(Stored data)
______________________________

(* Let $G$ be a commutative group, $H$ a subgroup, $G'=G/H$ and $\varphi:G\to G'$ the natural homomorphism, $1<p<\infty$, and $f\in\ell^1(G)$ nonnegative. Define $f_\varphi$ on $G'$ by $f_\varphi(x)=\gamma_p\bigl(f|_{\varphi^{-1}(x)}\bigr)$. Then $\gamma_p(f)\ge\gamma_p(f_\varphi)$, where $\gamma_p(f_\varphi)$ is computed in $G'$.
   Context: For nonnegative functions $f,g$ on a commutative group $K$, $(f\star g)(x)=\max_t f(t)g(x-t)$. For nonnegative $f\in\ell^1(K)$ and $1/p+1/q=1$, $\gamma_p(f)=\inf_{g,h}\frac{\|f\star g\star h\|_1}{\|g\|_p\|h\|_q}$, infimum over nonzero nonnegative $g,h\in\ell^1(K)$. Here $f|_{\varphi^{-1}(x)}$ denotes the function on $G$ equal to $f$ on the coset $\varphi^{-1}(x)$ and $0$ elsewhere, and $\gamma_p$ of it is computed in $G$. *)

From HB Require Import structures.
From mathcomp Require Import all_boot all_order all_algebra.
From mathcomp Require Import all_classical all_reals all_analysis.
Set Implicit Arguments. Unset Strict Implicit. Unset Printing Implicit Defensive.
Import Order.TTheory GRing.Theory Num.Theory.
Local Open Scope classical_set_scope.
Local Open Scope ring_scope.

Section GammaDefs.
Context {R : realType} {K : zmodType}.

Definition nonneg_l1 (f : K -> R) : Prop :=
  (forall x, 0 <= f x) /\ summable [set: K] (fun x => (f x)%:E).

Definition norm1 (f : K -> R) : R := fine (\esum_(x in [set: K]) (f x)%:E).

Definition normp (p : R) (g : K -> R) : R :=
  (fine (\esum_(x in [set: K]) ((g x) `^ p)%:E)) `^ (p^-1).

Definition mconv (f g : K -> R) : K -> R :=
  fun x => sup [set f t * g (x - t) | t in [set: K]].

(* gamma_p(f) = inf over nonzero nonnegative g, h in l^1 of
   ||f*g*h||_1 / (||g||_p ||h||_q), with 1/p + 1/q = 1 *)
Definition gammap (p : R) (f : K -> R) : R :=
  inf [set r : R | exists g h : K -> R,
         [/\ nonneg_l1 g, nonneg_l1 h, g <> (fun=> 0), h <> (fun=> 0) &
             r = norm1 (mconv (mconv f g) h) /
                 (normp p g * normp (p / (p - 1)) h)]].

End GammaDefs.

______________________________

Above are the entries. Copy exactly the part that opens with the line containing "1/p + 1/q = 1 *)" and closes with the line containing "(normp p g *", and no more.

### Solved exercise
   ||f*g*h||_1 / (||g||_p ||h||_q), with 1/p + 1/q = 1 *)
Definition gammap (p : R) (f : K -> R) : R :=
  inf [set r : R | exists g h : K -> R,
         [/\ nonneg_l1 g, nonneg_l1 h, g <> (fun=> 0), h <> (fun=> 0) &
             r = norm1 (mconv (mconv f g) h) /
                 (normp p g * normp (p / (p - 1)) h)]].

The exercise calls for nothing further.